I work a commission based job and am on pace to make just over 6 figures for the first time this year. My concern is my bank account doesn't show that currently (I do have the paystubs to back it up). I don't have the money in my account for a down payment currently but have a plan to within the next few months. I have a 401k and other assets that could equal a down payment just not my checking account. I only have credit card debt with a minimum monthly payment of under $300.
Im wondering if it would be better for me to wait until I have the money in my bank account for a down payment, or at least another paycheck in the account (paid monthly) before I start shopping around for pre-approval letters. (Plan is an FHA loan)

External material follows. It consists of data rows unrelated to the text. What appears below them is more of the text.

(* Let $K\ge 2$, $\mathbf{V}\in\mathbb{C}^{n\times r}$, $i\in[n]$, and $\boldsymbol{\phi}^*\in\mathcal{H}_r$. If two distinct hypersurfaces from coordinate group $i$, i.e. $\mathcal{H}_{i,m_1}$ and $\mathcal{H}_{i,m_2}$ with $m_1\ne m_2$ in $\{0,\dots,B_K-1\}$, both contain $\boldsymbol{\phi}^*$, then $\mathbf{V}_{i,:}\mathbf{c}(\boldsymbol{\phi}^* )=0$, and consequently all $B_K$ hypersurfaces $\mathcal{H}_{i,0},\dots,\mathcal{H}_{i,B_K-1}$ contain $\boldsymbol{\phi}^*$.
   Context: $B_K=K/2$ if $K$ is even and $B_K=K$ if $K$ is odd; $\vartheta_m=\pi(2m+1)/K$. $\mathcal{H}_r=(-\pi/2,\pi/2]^{2r-2}\times(-\pi/K,\pi/K]$. For $\boldsymbol{\phi}\in\mathcal{H}_r$, $\tilde{\mathbf{c}}(\boldsymbol{\phi})\in\mathbb{R}^{2r}$ is given by $\tilde c_1=\sin\phi_1$, $\tilde c_k=(\prod_{l<k}\cos\phi_l)\sin\phi_k$ for $2\le k\le 2r-1$, $\tilde c_{2r}=(\prod_{l=1}^{2r-2}\cos\phi_l)\cos\phi_{2r-1}$, and $\mathbf{c}(\boldsymbol{\phi})\in\mathbb{C}^r$ by $c_j=\tilde c_{2j}+\mathrm{i}\tilde c_{2j-1}$. The hypersurface for coordinate $i$ and boundary index $m$ is $\mathcal{H}_{i,m}=\{\boldsymbol{\phi}\in\mathcal{H}_r:\mathrm{Im}(e^{-\mathrm{i}\vartheta_m}\mathbf{V}_{i,:}\mathbf{c}(\boldsymbol{\phi}))=0\}$. *)

From HB Require Import structures.
From mathcomp Require Import all_boot all_order all_algebra.
From mathcomp Require Import complex.
From mathcomp Require Import reals trigo.
Set Implicit Arguments. Unset Strict Implicit. Unset Printing Implicit Defensive.
Import Order.TTheory GRing.Theory Num.Theory.
Local Open Scope ring_scope.

Section Defs.
Variable R : realType.

Definition BK (K : nat) : nat := if odd K then K else K./2.

Definition theta (K m : nat) : R := pi * (m.*2.+1)%:R / K%:R.

(* 1-indexed access phi_k (k = 1 .. 2r-1) to phi : 'rV_(2r-1);
   (out-of-range indices are never used) *)
Definition phiAt (r : nat) (phi : 'rV[R]_(r.*2.-1)) (k : nat) : R :=
  match @insub _ (fun j => j < r.*2.-1)%N _ k.-1 with
  | Some j => phi 0 j
  | None => 0
  end.

Definition in_Hr (K r : nat) (phi : 'rV[R]_(r.*2.-1)) : Prop :=
  (forall k : 'I_(r.*2.-1), (k < r.*2.-2)%N ->
     - (pi / 2) < phi 0 k /\ phi 0 k <= pi / 2) /\
  (forall k : 'I_(r.*2.-1), (k = r.*2.-2 :> nat) ->
     - (pi / K%:R) < phi 0 k /\ phi 0 k <= pi / K%:R).

(* tilde c_k, 1-indexed, k = 1 .. 2r *)
Definition ctilde (r : nat) (phi : 'rV[R]_(r.*2.-1)) (k : nat) : R :=
  if k == r.*2 then
    (\prod_(1 <= l < r.*2.-1) cos (phiAt phi l)) * cos (phiAt phi r.*2.-1)
  else
    (\prod_(1 <= l < k) cos (phiAt phi l)) * sin (phiAt phi k).

(* c_j = tilde c_{2j} + i tilde c_{2j-1}, j = 1..r (stored 0-indexed) *)
Definition cvec (r : nat) (phi : 'rV[R]_(r.*2.-1)) : 'cV[R[i]]_r :=
  \col_(j < r) ((ctilde phi (j.+1).*2) +i* (ctilde phi (j.+1).*2.-1))%C.

Definition Vrow_c (n r : nat) (V : 'M[R[i]]_(n, r)) (i : 'I_n)
  (phi : 'rV[R]_(r.*2.-1)) : R[i] :=
  \sum_(j < r) V i j * cvec phi j 0.

Definition expmi (t : R) : R[i] := (cos t +i* (- sin t))%C.

Definition in_Him (K n r : nat) (V : 'M[R[i]]_(n, r)) (i : 'I_n) (m : nat)
  (phi : 'rV[R]_(r.*2.-1)) : Prop :=
  in_Hr K phi /\ complex.Im (expmi (theta K m) * Vrow_c V i phi) = 0.

End Defs.

(* Im (e^{-i t} z) = 0 says that z lies on the real line through 0 with
   direction e^{i t}.  For m1 <> m2 below B_K the directions theta_m1 and
   theta_m2 differ by 2 pi (m1 - m2) / K, which is not a multiple of pi, so the
   two lines meet only at 0 and V_{i,:} c(phi) = 0; and 0 lies on every line. *)
From HB Require Import structures.
From mathcomp Require Import all_boot all_order all_algebra.
From mathcomp Require Import complex.
From mathcomp Require Import reals trigo.
From mathcomp Require Import ring lra zify.
Set Implicit Arguments. Unset Strict Implicit. Unset Printing Implicit Defensive.
Import Order.TTheory GRing.Theory Num.Theory.
Local Open Scope ring_scope.

Section RotatedLines.
Variable R : realType.

Lemma Im_expmi_mul (t : R) (z : R[i]) :
  complex.Im (expmi t * z) = cos t * complex.Im z - sin t * complex.Re z.
Proof. by case: z => a b; rewrite /expmi /=; ring. Qed.

Lemma eq0_of_Im_expmi_mul (t1 t2 : R) (z : R[i]) :
  sin (t1 - t2) != 0 ->
  complex.Im (expmi t1 * z) = 0 -> complex.Im (expmi t2 * z) = 0 -> z = 0.
Proof.
rewrite sinB !Im_expmi_mul; case: z => a b /= hs h1 h2.
set s := sin t1 * cos t2 - cos t1 * sin t2 in hs.
(* Cramer's rule: s is the determinant of the 2x2 system h1, h2 in (a, b). *)
have sa : a * s = cos t1 * (cos t2 * b - sin t2 * a)
                  - cos t2 * (cos t1 * b - sin t1 * a) by rewrite /s; ring.
have sb : b * s = sin t1 * (cos t2 * b - sin t2 * a)
                  - sin t2 * (cos t1 * b - sin t1 * a) by rewrite /s; ring.
rewrite h1 h2 !mulr0 subr0 in sa sb.
move/eqP: sa; move/eqP: sb; rewrite !mulf_eq0 (negbTE hs) !orbF.
by move=> /eqP-> /eqP->.
Qed.

Lemma sin_pi_mul_neq0 (q : R) : 0 < q < 2 -> q != 1 -> sin (pi * q) != 0.
Proof.
move=> /andP[q0 q2] q1.
have pi0 : 0 < pi :> R by exact: pi_gt0.
case: (ltrgtP q 1) q1 => // hq _.
  apply: lt0r_neq0; apply: sin_gt0_pi; apply/andP; split; first exact: mulr_gt0.
  by rewrite -[X in _ < X]mulr1 ltr_pM2l.
have -> : pi * q = pi * (q - 1) + pi by ring.
rewrite sinDpi oppr_eq0; apply: lt0r_neq0; apply: sin_gt0_pi.
apply/andP; split; first by apply: mulr_gt0 => //; lra.
by rewrite -[X in _ < X]mulr1 ltr_pM2l //; lra.
Qed.

End RotatedLines.

Lemma thetaB (R : realType) (K m1 m2 : nat) : (m2 <= m1)%N ->
  theta R K m1 - theta R K m2 = pi * ((m1 - m2).*2%:R / K%:R).
Proof.
move=> le_m; rewrite /theta -!mulrA -mulrBr -mulrBl -natrB; last first.
  by rewrite ltnS leq_double.
by rewrite subSS -doubleB.
Qed.

Lemma double_div_bounds (R : realType) (K d : nat) : (0 < d < BK K)%N ->
  let q : R := d.*2%:R / K%:R in 0 < q < 2 /\ q != 1.
Proof.
move=> hd q.
have [dK dK2 dKn] : [/\ (0 < d.*2)%N, (d.*2 < K.*2)%N & d.*2 != K].
  by move: hd; rewrite /BK; case: ifP => hK; split; lia.
have K0 : 0 < K%:R :> R by rewrite ltr0n; lia.
split; first (apply/andP; split).
- by rewrite /q divr_gt0 // ltr0n.
- by rewrite /q ltr_pdivrMr // -natrM ltr_nat mulnC muln2.
apply: contra dKn => /eqP q1.
by rewrite -(eqr_nat R) -[X in X == _](divfK (lt0r_neq0 K0)) -/q q1 mul1r.
Qed.

Lemma sin_thetaB_neq0 (R : realType) (K m1 m2 : nat) :
  (m1 < BK K)%N -> (m2 < BK K)%N -> m1 != m2 ->
  sin (theta R K m1 - theta R K m2) != 0.
Proof.
wlog lt_m : m1 m2 / (m2 < m1)%N => [hwlog b1 b2 ne|b1 _ _].
  have [lt_m|lt_m|eq_m] := ltngtP m1 m2; last by rewrite eq_m eqxx in ne.
  - by rewrite -opprB sinN oppr_eq0 (hwlog m2 m1) // eq_sym.
  - exact: hwlog.
have [q_bounds q_neq1] := @double_div_bounds R K (m1 - m2) ltac:(lia).
by rewrite thetaB ?sin_pi_mul_neq0 // ltnW.
Qed.

Theorem corollary3 (R : realType) (K n r : nat) (V : 'M[R[i]]_(n, r))
  (i : 'I_n) (phi : 'rV[R]_(r.*2.-1)) (m1 m2 : nat) :
  (2 <= K)%N -> (1 <= r)%N ->
  in_Hr K phi ->
  (m1 < BK K)%N -> (m2 < BK K)%N -> m1 <> m2 ->
  in_Him K V i m1 phi -> in_Him K V i m2 phi ->
  Vrow_c V i phi = 0 /\
  (forall m : nat, (m < BK K)%N -> in_Him K V i m phi).
Proof.
(* [2 <= K] already follows from [m1 <> m2] below [BK K]. *)
move=> _ _ hH b1 b2 /eqP ne [_ h1] [_ h2].
have z0 : Vrow_c V i phi = 0.
  exact: eq0_of_Im_expmi_mul (sin_thetaB_neq0 R b1 b2 ne) h1 h2.
by split=> // m _; split; rewrite // z0 mulr0.
Qed.
(* Assume the setting of the context. Then for all sufficiently small $\epsilon>0$ and every $\sigma\in\Sigma$ (writing $Q=Q^\epsilon_\sigma$, $D=D_{\kappa_\sigma}$), for $x\in\mathbb{R}\cup\{\infty\}$: (i) if $x\notin[0,\infty)$ then $Q\cdot(D\cdot x)\notin[\widetilde{x}_-,\infty)$; (ii) if $x\notin[\widetilde{x}_-,\infty)$ then $Q\cdot(D\cdot x)\notin[\widetilde{x}_c,\infty)$; (iii) if $Q\cdot(D\cdot x)\notin[0,\infty)$ then $x\notin[0,\widetilde{x}_+)$.
   Context: Let $(\Sigma,\mathbf{p})$ be a probability space. For each $\sigma\in\Sigma$ and $\epsilon\in[-1,1]$ let real numbers $a_\sigma,b_\sigma$, $\kappa_\sigma>0$ and $\alpha^\epsilon_\sigma,\beta^\epsilon_\sigma,\gamma^\epsilon_\sigma,\delta^\epsilon_\sigma$ be given, with $A^\epsilon_\sigma=\begin{pmatrix}\alpha^\epsilon_\sigma&\beta^\epsilon_\sigma\\ \gamma^\epsilon_\sigma&\delta^\epsilon_\sigma\end{pmatrix}$. Assume that for all $\sigma$: $|\log(\kappa_\sigma)|\le C_0$, $a_\sigma-|b_\sigma|\ge C_1$, $a_\sigma+|b_\sigma|\le C_2$, and $\|A^\epsilon_\sigma\|\le C_3$ for $|\epsilon|\le1$, with constants $C_0,C_1,C_2,C_3\in(0,\infty)$. On $\mathbb{R}\cup\{\infty\}$ define $D_{\kappa}\cdot x=\kappa^2x$ and $$Q^\epsilon_\sigma\cdot x=\frac{(1+\epsilon^2\alpha^\epsilon_\sigma)x+(a_\sigma-b_\sigma-\epsilon\beta^\epsilon_\sigma)\epsilon}{1+\epsilon^2\delta^\epsilon_\sigma-(a_\sigma+b_\sigma+\epsilon\gamma^\epsilon_\sigma)\epsilon x}.$$ Let $\lambda=\lambda(\epsilon)>0$ be a function of $\epsilon>0$ with $\lim_{\epsilon\to0}\lambda=0$ and $\lim_{\epsilon\to0}\frac{\log(\lambda)}{\log(\epsilon)}=0$, and set $\Lambda=e^{2C_0\lambda}$. Put $A=\Lambda(C_2+C_3\epsilon)\epsilon$, $B=\Lambda-1-C_3\epsilon^2(\Lambda+1)$, $C=(C_2+C_3\epsilon)\epsilon$, and $$\widetilde{x}_-=e^{2C_0}\frac{(B^2+4AC)\,C}{B^3},\qquad \widetilde{x}_+=e^{-2C_0}\frac{B^2-2AC}{AB},\qquad \widetilde{x}_c=e^{2C_0}\Lambda\,\widetilde{x}_-.$$ *)

From Stdlib Require Import Reals.
From Coquelicot Require Import Coquelicot.
Open Scope R_scope.
(* Let $n\ge27$, $\mathcal{X},\mathcal{Y}$ finite with $|\mathcal{X}|,|\mathcal{Y}|\ge2$, and $\mathbf{X}$ a random vector on $\mathcal{X}^n$. Let $w,\tilde w\in\mathcal{P}(\mathcal{Y}|\mathcal{X})$. For every discrete random variable $U$ such that $U,\mathbf{X}$ are jointly distributed (with channel outputs generated from $\mathbf{X}$ alone), every $u$ in the support of $U$, and every $\mathbf{y}\in\mathcal{Y}^n$ with $\tilde w_n(\mathbf{y}|u)>0$, $$\log_2\frac{w_n(\mathbf{y}|u)}{\tilde w_n(\mathbf{y}|u)}\le n\sup_{\hat w\in\mathcal{P}(\mathcal{Y}|\mathcal{X}),\ \hat p\in\mathcal{P}(\mathcal{X})}\mathbb{D}_{\hat w}(w\|\tilde w|\hat p)+2|\mathcal{X}||\mathcal{Y}|\log_2 n.$$
   Context: $\mathcal{P}(\mathcal{Y}|\mathcal{X})$ is the set of conditional distributions from $\mathcal{X}$ to $\mathcal{Y}$ and $\mathcal{P}(\mathcal{X})$ the set of distributions on $\mathcal{X}$. $w_n(\mathbf{y}|u)=\sum_{\mathbf{x}}w^n(\mathbf{y}|\mathbf{x})p_{\mathbf{X}|U}(\mathbf{x}|u)$ with $w^n(\mathbf{y}|\mathbf{x})=\prod_t w(y_t|x_t)$, and similarly $\tilde w_n$. $\mathbb{D}_{\hat w}(w\|\tilde w|\hat p)=\sum_{y,x}\hat w(y|x)\hat p(x)\log_2\frac{w(y|x)}{\tilde w(y|x)}$. *)

From HB Require Import structures.
From mathcomp Require Import all_boot all_order all_algebra.
From mathcomp Require Import all_classical all_reals all_analysis.
Set Implicit Arguments. Unset Strict Implicit. Unset Printing Implicit Defensive.
Import Order.TTheory GRing.Theory Num.Theory.
Local Open Scope ring_scope.

Definition log2 (R : realType) (x : R) : R := ln x / ln 2.

(* extended-real log2 (a / b) for a, b >= 0, with the conventions
   log(0/0) = 0, log(0/b) = -oo (b>0), log(a/0) = +oo (a>0) *)
Definition log2ratio (R : realType) (a b : R) : \bar R :=
  if a == 0 then (if b == 0 then 0%E else -oo%E)
  else if b == 0 then +oo%E else (log2 (a / b))%:E.

Definition is_dist (R : realType) (T : finType) (p : T -> R) : Prop :=
  (forall t, 0 <= p t) /\ \sum_(t : T) p t = 1.

Definition is_channel (R : realType) (X Y : finType) (w : X -> Y -> R) : Prop :=
  forall x, is_dist (w x).

Definition chan_n (R : realType) (X Y : finType) (n : nat) (w : X -> Y -> R)
  (x : {ffun 'I_n -> X}) (y : {ffun 'I_n -> Y}) : R :=
  \prod_(t < n) w (x t) (y t).

(* w_n(y|u) = sum_x w^n(y|x) p_{X|U}(x|u), where pXu = p_{X|U}(.|u) *)
Definition chan_nU (R : realType) (X Y : finType) (n : nat) (w : X -> Y -> R)
  (pXu : {ffun 'I_n -> X} -> R) (y : {ffun 'I_n -> Y}) : R :=
  \sum_(x : {ffun 'I_n -> X}) chan_n w x y * pXu x.

(* D_{hw}(w || tw | hp) = sum_{y,x} hw(y|x) hp(x) log2 (w(y|x)/tw(y|x)),
   in the extended reals (0 * (+-oo) = 0) *)
Definition condD (R : realType) (X Y : finType) (hw w tw : X -> Y -> R)
  (hp : X -> R) : \bar R :=
  (\sum_(y : Y) \sum_(x : X) (hw x y * hp x)%:E * log2ratio (w x y) (tw x y))%E.

Definition supD (R : realType) (X Y : finType) (w tw : X -> Y -> R) : \bar R :=
  ereal_sup [set condD hw w tw hp | hw in [set hw | is_channel hw] &
                                    hp in [set hp | is_dist hp]]%classic.

From HB Require Import structures.
From mathcomp Require Import all_boot all_order all_algebra.
From mathcomp Require Import all_classical all_reals all_analysis.
Import Order.TTheory GRing.Theory Num.Theory.
Local Open Scope ring_scope.

(* Choosing point masses for hw and hp shows that supD w tw dominates every
   single-letter ratio log2 (w(y|x) / tw(y|x)); in particular it is +oo unless
   w(.|x) << tw(.|x) for all x.  Otherwise w <= r tw pointwise, r being the
   largest letter ratio, so w^n <= r^n tw^n and, mixing over x, the same bound
   holds for w_n(y|u) and tw_n(y|u).  Hence the left-hand side is at most
   n log2 r <= n supD w tw, and the logarithmic term is nonnegative slack. *)

Section Log2.
Context {R : realType}.

Lemma log2Xn (r : R) (n : nat) : 0 < r -> log2 (r ^+ n) = n%:R * log2 r.
Proof. by move=> r_gt0; rewrite /log2 lnXn // mulr_natl mulrnAl. Qed.

Lemma log2ratio_le_log2 {a b c : R} :
  0 <= a -> 0 < b -> a <= c * b -> (log2ratio a b <= (log2 c)%:E)%E.
Proof.
move=> a_ge0 b_gt0 a_le; rewrite /log2ratio (gt_eqF b_gt0).
have [_|a_neq0] := eqVneq a 0; first exact: leNye.
have ab_gt0 : 0 < a / b by rewrite divr_gt0 // lt_neqAle eq_sym a_neq0.
have ab_le : a / b <= c by rewrite ler_pdivrMr.
rewrite lee_fin ler_pM2r ?invr_gt0 ?ln_gt0 ?ltr1n // ler_ln //.
by rewrite posrE (lt_le_trans ab_gt0).
Qed.

End Log2.

Definition point_mass {R : realType} {T : finType} (t0 t : T) : R :=
  if t == t0 then 1 else 0.

Lemma point_mass_dist {R : realType} {T : finType} (t0 : T) :
  is_dist (point_mass t0 : T -> R).
Proof.
split=> [t|]; first by rewrite /point_mass; case: ifP.
by rewrite -big_mkcond big_pred1_eq.
Qed.

Section SupD.
Context {R : realType} {X Y : finType} (w tw : X -> Y -> R).

Lemma condD_point_mass x0 y0 :
  condD (fun=> point_mass y0) w tw (point_mass x0)
  = log2ratio (w x0 y0) (tw x0 y0).
Proof.
rewrite /condD (bigD1 y0) //= [X in (_ + X)%E]big1 => [|y y_neq]; last first.
  by rewrite big1 // => x _; rewrite /point_mass (negbTE y_neq) mul0r mul0e.
rewrite (bigD1 x0) //= big1 => [|x x_neq].
  by rewrite /point_mass !eqxx mulr1 mul1e !adde0.
by rewrite /point_mass (negbTE x_neq) mulr0 mul0e.
Qed.

Lemma log2ratio_le_supD x y : (log2ratio (w x y) (tw x y) <= supD w tw)%E.
Proof.
rewrite -condD_point_mass; apply: ereal_sup_ubound => /=.
exists (fun=> point_mass y); first by move=> ?; exact: point_mass_dist.
by exists (point_mass x); first exact: point_mass_dist.
Qed.

Lemma supD_pinfty x y : 0 < w x y -> tw x y = 0 -> supD w tw = +oo%E.
Proof.
move=> w_gt0 tw0; apply/eqP; rewrite -leye_eq.
by have := log2ratio_le_supD x y; rewrite /log2ratio tw0 eqxx (gt_eqF w_gt0).
Qed.

Lemma max_ratio_dominates (xy0 : X * Y) :
  (forall x y, 0 <= tw x y) -> (forall x y, tw x y = 0 -> w x y = 0) ->
  exists xy : X * Y, forall x y, w x y <= w xy.1 xy.2 / tw xy.1 xy.2 * tw x y.
Proof.
move=> tw_ge0 tw0_w0.
have [[xm ym] _ ratio_max] :=
  @arg_maxP _ _ (X * Y)%type xy0 xpredT
    (fun xy => w xy.1 xy.2 / tw xy.1 xy.2) isT.
exists (xm, ym) => x y /=; have [tw0|tw_neq0] := eqVneq (tw x y) 0.
  by rewrite tw0 tw0_w0 // mulr0.
have tw_gt0 : 0 < tw x y by rewrite lt_neqAle eq_sym tw_neq0 tw_ge0.
by rewrite -ler_pdivrMr //; exact: (ratio_max (x, y)).
Qed.

End SupD.

Section ScaledDomination.
Context {R : realType} {X Y : finType} {n : nat} {w tw : X -> Y -> R} {r : R}.
Hypotheses (w_ge0 : forall x y, 0 <= w x y)
           (w_le : forall x y, w x y <= r * tw x y).

Lemma chan_n_le_scale (x : {ffun 'I_n -> X}) (y : {ffun 'I_n -> Y}) :
  chan_n w x y <= r ^+ n * chan_n tw x y.
Proof.
rewrite -[n in r ^+ n]card_ord -prodr_const /chan_n -big_split /=.
by apply: ler_prod => t _; rewrite w_ge0 w_le.
Qed.

Lemma chan_nU_le_scale {p : {ffun 'I_n -> X} -> R} (y : {ffun 'I_n -> Y}) :
  (forall x, 0 <= p x) -> chan_nU w p y <= r ^+ n * chan_nU tw p y.
Proof.
move=> p_ge0; rewrite /chan_nU mulr_sumr; apply: ler_sum => x _.
by rewrite mulrA ler_wpM2r ?chan_n_le_scale.
Qed.

End ScaledDomination.

Lemma chan_nU_ge0 {R : realType} {X Y : finType} {n : nat} {w : X -> Y -> R}
  {p : {ffun 'I_n -> X} -> R} (y : {ffun 'I_n -> Y}) :
  (forall x y, 0 <= w x y) -> (forall x, 0 <= p x) -> 0 <= chan_nU w p y.
Proof.
move=> w_ge0 p_ge0; apply: sumr_ge0 => x _.
by rewrite mulr_ge0 // prodr_ge0.
Qed.

Section MixtureRatio.
Context {R : realType} {X Y : finType} {n : nat} (w tw : X -> Y -> R).
Context (p : {ffun 'I_n -> X} -> R) (y : {ffun 'I_n -> Y}).
Hypotheses (n_gt0 : (0 < n)%N)
           (w_ge0 : forall x y, 0 <= w x y) (tw_ge0 : forall x y, 0 <= tw x y)
           (p_ge0 : forall x, 0 <= p x) (b_gt0 : 0 < chan_nU tw p y).

Lemma log2ratio_chan_nU_abs_cont : (forall x y, tw x y = 0 -> w x y = 0) ->
  (log2ratio (chan_nU w p y) (chan_nU tw p y) <= n%:R%:E * supD w tw)%E.
Proof.
move=> tw0_w0.
have [x0 _] : exists x : {ffun 'I_n -> X}, true.
  case: (pickP (predT : pred {ffun 'I_n -> X})) => [x _|noX]; first by exists x.
  by move: b_gt0; rewrite /chan_nU big_pred0 ?ltxx.
have [[xm ym] dom] :=
  max_ratio_dominates w tw (x0 (Ordinal n_gt0), y (Ordinal n_gt0))
    tw_ge0 tw0_w0.
(* [r] may be the junk value [w / 0 = 0]; [a <> 0] rules this out. *)
set r := w xm ym / tw xm ym in dom.
have ab_le := chan_nU_le_scale w_ge0 dom y p_ge0.
have [a0|a_neq0] := eqVneq (chan_nU w p y) 0.
  by rewrite /log2ratio a0 eqxx (gt_eqF b_gt0) leNye.
have r_neq0 : r != 0.
  apply: contra_neq a_neq0 => r0; apply/le_anti; rewrite chan_nU_ge0 // andbT.
  by rewrite (le_trans ab_le) // r0 expr0n gtn_eqF // mul0r.
have r_gt0 : 0 < r by rewrite lt_neqAle eq_sym r_neq0 divr_ge0.
have log2r_le : ((log2 r)%:E <= supD w tw)%E.
  have tw_neq0 : tw xm ym != 0.
    by apply: contra_neq r_neq0 => tw0; rewrite /r tw0 invr0 mulr0.
  have w_neq0 : w xm ym != 0.
    by apply: contra_neq r_neq0 => w0; rewrite /r w0 mul0r.
  have := log2ratio_le_supD w tw xm ym.
  by rewrite /log2ratio (negbTE w_neq0) (negbTE tw_neq0).
apply: (le_trans (log2ratio_le_log2 (chan_nU_ge0 y w_ge0 p_ge0) b_gt0 ab_le)).
rewrite log2Xn // EFinM; apply: lee_wpmul2l log2r_le.
by rewrite lee_fin ler0n.
Qed.

Lemma log2ratio_chan_nU_le_supD :
  (log2ratio (chan_nU w p y) (chan_nU tw p y) <= n%:R%:E * supD w tw)%E.
Proof.
have [/existsP [[x y'] /andP [/= w_gt0 /eqP tw0]] | ] :=
  boolP [exists xy : X * Y, (0 < w xy.1 xy.2) && (tw xy.1 xy.2 == 0)].
  by rewrite (supD_pinfty w tw x y' w_gt0 tw0) gt0_muley ?lte_fin ?ltr0n ?leey.
rewrite negb_exists => /forallP abs_cont.
apply: log2ratio_chan_nU_abs_cont => x y' tw0; apply/le_anti.
rewrite w_ge0 andbT leNgt.
by have := abs_cont (x, y'); rewrite /= tw0 eqxx andbT.
Qed.

End MixtureRatio.

Theorem lemma31 (R : realType) (X Y : finType) (n : nat)
  (hn : (27 <= n)%N) (hX : (2 <= #|X|)%N) (hY : (2 <= #|Y|)%N)
  (w tw : X -> Y -> R) (hw : is_channel w) (htw : is_channel tw)
  (U : choiceType) (P : U -> {ffun 'I_n -> X} -> R)
  (hP0 : forall u x, 0 <= P u x)
  (hP1 : (\esum_(ux in [set: U * {ffun 'I_n -> X}]) (P ux.1 ux.2)%:E = 1)%E)
  (u : U) (hu : 0 < \sum_(x : {ffun 'I_n -> X}) P u x)
  (y : {ffun 'I_n -> Y}) :
  let pXu := fun x => P u x / \sum_(x' : {ffun 'I_n -> X}) P u x' in
  0 < chan_nU tw pXu y ->
  (log2ratio (chan_nU w pXu y) (chan_nU tw pXu y)
    <= n%:R%:E * supD w tw + (2 * #|X|%:R * #|Y|%:R * log2 (n%:R : R))%:E)%E.
Proof.
move=> pXu b_gt0.
have n_gt0 : (0 < n)%N by apply: leq_trans hn.
have slack_ge0 : 0 <= 2 * #|X|%:R * #|Y|%:R * log2 (n%:R : R).
  by rewrite mulr_ge0 // divr_ge0 ?ln_ge0 ?ler1n // ltW // ln_gt0 // ltr1n.
apply: le_trans (leeDl _ _); last by rewrite lee_fin.
apply: log2ratio_chan_nU_le_supD => //.
- by move=> x y'; case: (hw x).
- by move=> x y'; case: (htw x).
- by move=> x; rewrite /pXu divr_ge0 // ltW.
Qed.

If anyone can help me out with this it would be greatly appreciated! Also would appreciate any advice in general for someone starting out in real estate investing this way, or an insights on the SA/Boerne market.
Thanks ya'll look forward to hearing from you!
@Tanner King I lived in one unit of a duplex and rented the other as my first property in Dallas 20+ years ago long before it was called house hacking. Best real estate investment of my life for a lot of reasons including just understanding the basics of finance and being a landlord etc. So, great idea.
As a lender, I would give you a pre-approval letter as long as you had the assets (and meant all other requirements) even if the assets were in a 401k. You might have no intention of actually using those funds as such, but you could. During our conversation I would understand that the plan would be to have enough cash from payroll saved by the time you closed to use for down payment, and that is completely fine.
But, something to add that you have to understand is that a 3-4 unit has to be meet the FHA self sufficiency test. This requires that 75% of the rent the building brings in covers the entire payment including taxes, insurance and FHA monthly mortgage insurance. With the run up of multi family prices, relatively high rates and the 3.5% low down payment this is virtually impossible (outside of some markets in the upper midwest) to make happen.
Take note that this self sufficiency test does NOT apply to 2 unit buildings, only 3 or 4 units. AND you can know put as little as 5% down on a conventional loan, which is a better loan anyway if you can manage the extra 1.5% down, does NOT have this test for 2,3 or 4 unit buildings.